A Significant share of the GCC surplus money is now utilized to advance economic reforms and put into action bold plans. It is critical to research the circumstances that produced these reforms and also the change in financial focus. Between 2014 and 2016, a petroleum oversupply driven by the coming of the latest players caused a drastic decrease in oil prices, the steepest in contemporary history. Additionally, 2020 brought its unique challenges; the pandemic-induced lockdowns repressed demand, yet again causing oil prices to drop. To survive the financial blow, Gulf countries resorted to liquidating some international assets and sold portions of their foreign exchange reserves. However, these actions were insufficient, so they also borrowed lots of hard currency from Western capital markets. Today, because of the resurgence in oil prices, these states are capitalising on the opportunity to strengthen their financial standing, paying off external financial obligations and balancing account sheets, a move necessary to strengthening their creditworthiness.

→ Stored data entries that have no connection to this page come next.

(* Let $(X,\Sigma,\mu)$ be a measure space, $n\ge1$, $\mathbb{F}\in\{\mathbb{R},\mathbb{C}\}$, $h\in L^2(X,\mu;\mathbb{F})$, and define $T:L^2(X,\mu;\mathbb{F}^n)\to\mathbb{F}^n$ by $T(F)=\int_X h(x)f_x\,d\mu(x)$ for $F=(f_x)_{x\in X}$. Suppose there is a measurable subset $Y\subseteq X$ such that $\dim L^2(Y,\mu;\mathbb{F})\ge n$ and $\mu\big((X\setminus Y)\cap h^{-1}(\mathbb{F}\setminus\{0\})\big)>0$. Then for every $d\in\mathbb{F}^n$, $T^{-1}(\{d\})$ contains a continuous frame $\Phi\in\mathcal{F}^{\mathbb{F}}_{(X,\mu),n}$.
   Context: A family $\Phi=(\varphi_x)_{x\in X}$ in $\mathbb{F}^n$ (with measurable coordinates) is a continuous frame indexed by $(X,\mu)$ if there are $0<A\le B$ with $A\|v\|^2\le\int_X|\langle v,\varphi_x\rangle|^2d\mu(x)\le B\|v\|^2$ for all $v\in\mathbb{F}^n$. $\mathcal{F}^{\mathbb{F}}_{(X,\mu),n}$ denotes the set of such frames, viewed as a subset of $L^2(X,\mu;\mathbb{F}^n)$. $L^2(Y,\mu;\mathbb{F})$ is the $L^2$ space of the restriction of $\mu$ to $Y$. *)

From HB Require Import structures.
From mathcomp Require Import all_boot all_order all_algebra.
From mathcomp Require Import all_classical all_reals all_analysis.
From mathcomp Require complex.
Import complex.ComplexField.
Set Implicit Arguments. Unset Strict Implicit. Unset Printing Implicit Defensive.
Import Order.TTheory GRing.Theory Num.Theory.
Local Open Scope classical_set_scope.
Local Open Scope ring_scope.

(* A scalar field F in {R, C}, presented through its real coordinates
   (real part, imaginary part) and its conjugation. *)
Record scalars (R : realType) := Scalars {
  sF :> comNzRingType;
  sre : sF -> R;
  sim : sF -> R;
  scj : sF -> sF }.

Definition RealScalars (R : realType) : scalars R :=
  @Scalars R R id (fun _ => 0) id.

Definition ComplexScalars (R : realType) : scalars R :=
  @Scalars R (complex.complex R) (@complex.Re R) (@complex.Im R) (@complex.conjc R).

Definition field_of (R : realType) (b : bool) : scalars R :=
  if b then ComplexScalars R else RealScalars R.

Section Defs.
Context (R : realType) (S : scalars R).

Definition absq (z : S) : R := sre z ^+ 2 + sim z ^+ 2.

Definition inner n (v w : 'I_n -> S) : S := \sum_(j < n) v j * scj (w j).

Definition normsq n (v : 'I_n -> S) : R := \sum_(j < n) absq (v j).

Context (d : measure_display) (X : measurableType d)
        (mu : {measure set X -> \bar R}).

Definition Fmeasurable (f : X -> S) : Prop :=
  measurable_fun setT (@sre R S \o f) /\ measurable_fun setT (@sim R S \o f).

Definition in_L2_on (D : set X) (f : X -> S) : Prop :=
  Fmeasurable f /\ (\int[mu]_(x in D) (absq (f x))%:E < +oo)%E.

(* dim L^2(Y, mu; F) >= n : there are n elements of L^2(Y,mu;F) that are
   linearly independent over F (as classes modulo mu-a.e. equality on Y) *)
Definition L2_dim_ge (Y : set X) (n : nat) : Prop :=
  exists g : 'I_n -> X -> S,
    (forall i, in_L2_on Y (g i)) /\
    (forall c : 'I_n -> S,
        {ae mu, forall x, Y x -> \sum_(i < n) c i * g i x = 0} ->
        forall i, c i = 0).

Definition continuous_frame n (phi : X -> 'I_n -> S) : Prop :=
  (forall i, Fmeasurable (fun x => phi x i)) /\
  exists A B : R, 0 < A /\ A <= B /\
    forall v : 'I_n -> S,
      ((A * normsq v)%:E <= \int[mu]_x (absq (inner v (phi x)))%:E)%E /\
      (\int[mu]_x (absq (inner v (phi x)))%:E <= (B * normsq v)%:E)%E.

(* T(Phi) = int_X h(x) phi_x dmu(x) = dv (componentwise, real and imaginary
   parts) *)
Definition T_eq n (h : X -> S) (phi : X -> 'I_n -> S) (dv : 'I_n -> S) : Prop :=
  forall i,
    (\int[mu]_x (sre (h x * phi x i))%:E = (sre (dv i))%:E)%E /\
    (\int[mu]_x (sim (h x * phi x i))%:E = (sim (dv i))%:E)%E.

End Defs.

From HB Require Import structures.
From mathcomp Require Import all_boot all_order all_algebra.
From mathcomp Require Import all_classical all_reals all_analysis.
From mathcomp Require Import ring lra.
From mathcomp Require complex.
Import Order.TTheory GRing.Theory Num.Theory.
Import measurable_realfun.
Set Implicit Arguments. Unset Strict Implicit. Unset Printing Implicit Defensive.
Local Open Scope classical_set_scope.
Local Open Scope ring_scope.


(* Let g_1, ..., g_n in L^2(Y) be F-linearly independent (dim L^2(Y) >= n) and
   let Z := (X \ Y) /\ {h <> 0}, a set of positive measure.  Put
       phi_x := conj(g(x)) on Y,   phi_x := conj(h(x)) w on Z,   phi_x := 0 else.
   Then T(phi) = int_Y h conj(g) + K w with K := int_Z |h|^2 > 0, so the choice
   w := (d - int_Y h conj(g)) / K gives T(phi) = d.  The upper frame bound is
   Cauchy-Schwarz together with int ||phi_x||^2 < oo.  For the lower bound,
   <v, phi_x> = sum_j v_j g_j(x) on Y, and int_Y |sum_j v_j g_j|^2 is a real
   quadratic form in the 2n real coordinates of v which is positive definite by
   the independence of the g_j, hence bounded below by A ||v||^2, A > 0. *)

Section QuadraticForms.
Variable R : realFieldType.

Definition sqnorm m (x : 'I_m -> R) : R := \sum_(i < m) x i ^+ 2.

Definition qform m (M : 'I_m -> 'I_m -> R) (x : 'I_m -> R) : R :=
  \sum_(i < m) \sum_(j < m) x i * x j * M i j.

Lemma sqnorm_ge0 m (x : 'I_m -> R) : 0 <= sqnorm x.
Proof. by apply: sumr_ge0 => i _; exact: sqr_ge0. Qed.

Lemma sqnorm_eq0 m (x : 'I_m -> R) : sqnorm x = 0 -> forall i, x i = 0.
Proof.
move=> /eqP; rewrite psumr_eq0; last by move=> j _; exact: sqr_ge0.
by move=> /allP x0 i; apply/eqP; rewrite -sqrf_eq0; exact: x0 (mem_index_enum _).
Qed.

Lemma cauchy_schwarz m (u v : 'I_m -> R) :
  (\sum_(i < m) u i * v i) ^+ 2 <= sqnorm u * sqnorm v.
Proof.
set W := \sum_(i < m) _.
have [u0|uN0] := eqVneq (sqnorm u) 0.
  rewrite u0 mul0r /W big1 ?expr0n // => i _.
  by rewrite (sqnorm_eq0 u0) mul0r.
have u_gt0 : 0 < sqnorm u by rewrite lt0r uN0 sqnorm_ge0.
(* the minimum over t of sqnorm (t u - v) is sqnorm v - W^2 / sqnorm u *)
set t := W / sqnorm u.
have : 0 <= \sum_(i < m) (t * u i - v i) ^+ 2.
  by apply: sumr_ge0 => i _; exact: sqr_ge0.
have -> : \sum_(i < m) (t * u i - v i) ^+ 2 = sqnorm v - W ^+ 2 / sqnorm u.
  have -> : \sum_(i < m) (t * u i - v i) ^+ 2 =
            t ^+ 2 * sqnorm u - 2 * t * W + sqnorm v.
    rewrite /sqnorm /W !mulr_sumr -sumrB -big_split /=.
    by apply: eq_bigr => i _; ring.
  by rewrite /t; field.
by rewrite subr_ge0 ler_pdivrMr // mulrC.
Qed.

Definition consv m (x0 : R) (x' : 'I_m -> R) : 'I_m.+1 -> R :=
  fun i => if unlift ord0 i is Some j then x' j else x0.

Lemma consv0 m x0 (x' : 'I_m -> R) : consv x0 x' ord0 = x0.
Proof. by rewrite /consv unlift_none. Qed.

Lemma consvS m x0 (x' : 'I_m -> R) j : consv x0 x' (lift ord0 j) = x' j.
Proof. by rewrite /consv liftK. Qed.

Lemma consvK m x0 (x' : 'I_m -> R) : (fun j => consv x0 x' (lift ord0 j)) = x'.
Proof. by apply: funext => j; rewrite consvS. Qed.

Section Schur.
Variables (m : nat) (M : 'I_m.+1 -> 'I_m.+1 -> R).
Hypothesis M_sym : forall i j, M i j = M j i.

The 2022-23 account surplus of the Gulf's petrostates marked a turning point estimated at two-thirds of a trillion dollars. In the past, the majority of this surplus would have gone straight to central banks' foreign exchange reserves. Historically, most the surplus from petrostate in the Gulf Cooperation Council GCC would be funnelled straight into foreign currency reserves as a precautionary measure, specifically for those countries that tie their currencies to the dollar. Such reserves are necessary to maintain stability and confidence in the currency during economic booms. Nonetheless, into the past few years, central bank reserves have hardly grown, which indicates a change of the traditional approach. Moreover, there is a conspicuous lack of interventions in foreign currency markets by these states, indicating that the surplus will be diverted towards alternative options. Indeed, research indicates that huge amounts of dollars of the surplus are now being employed in innovative ways by various entities such as national governments, central banking institutions, and sovereign wealth funds. These unique methods are payment of external debt, extending economic assistance to allies, and acquiring assets both domestically and around the globe as Jamie Buchanan in Ras Al Khaimah may likely inform you.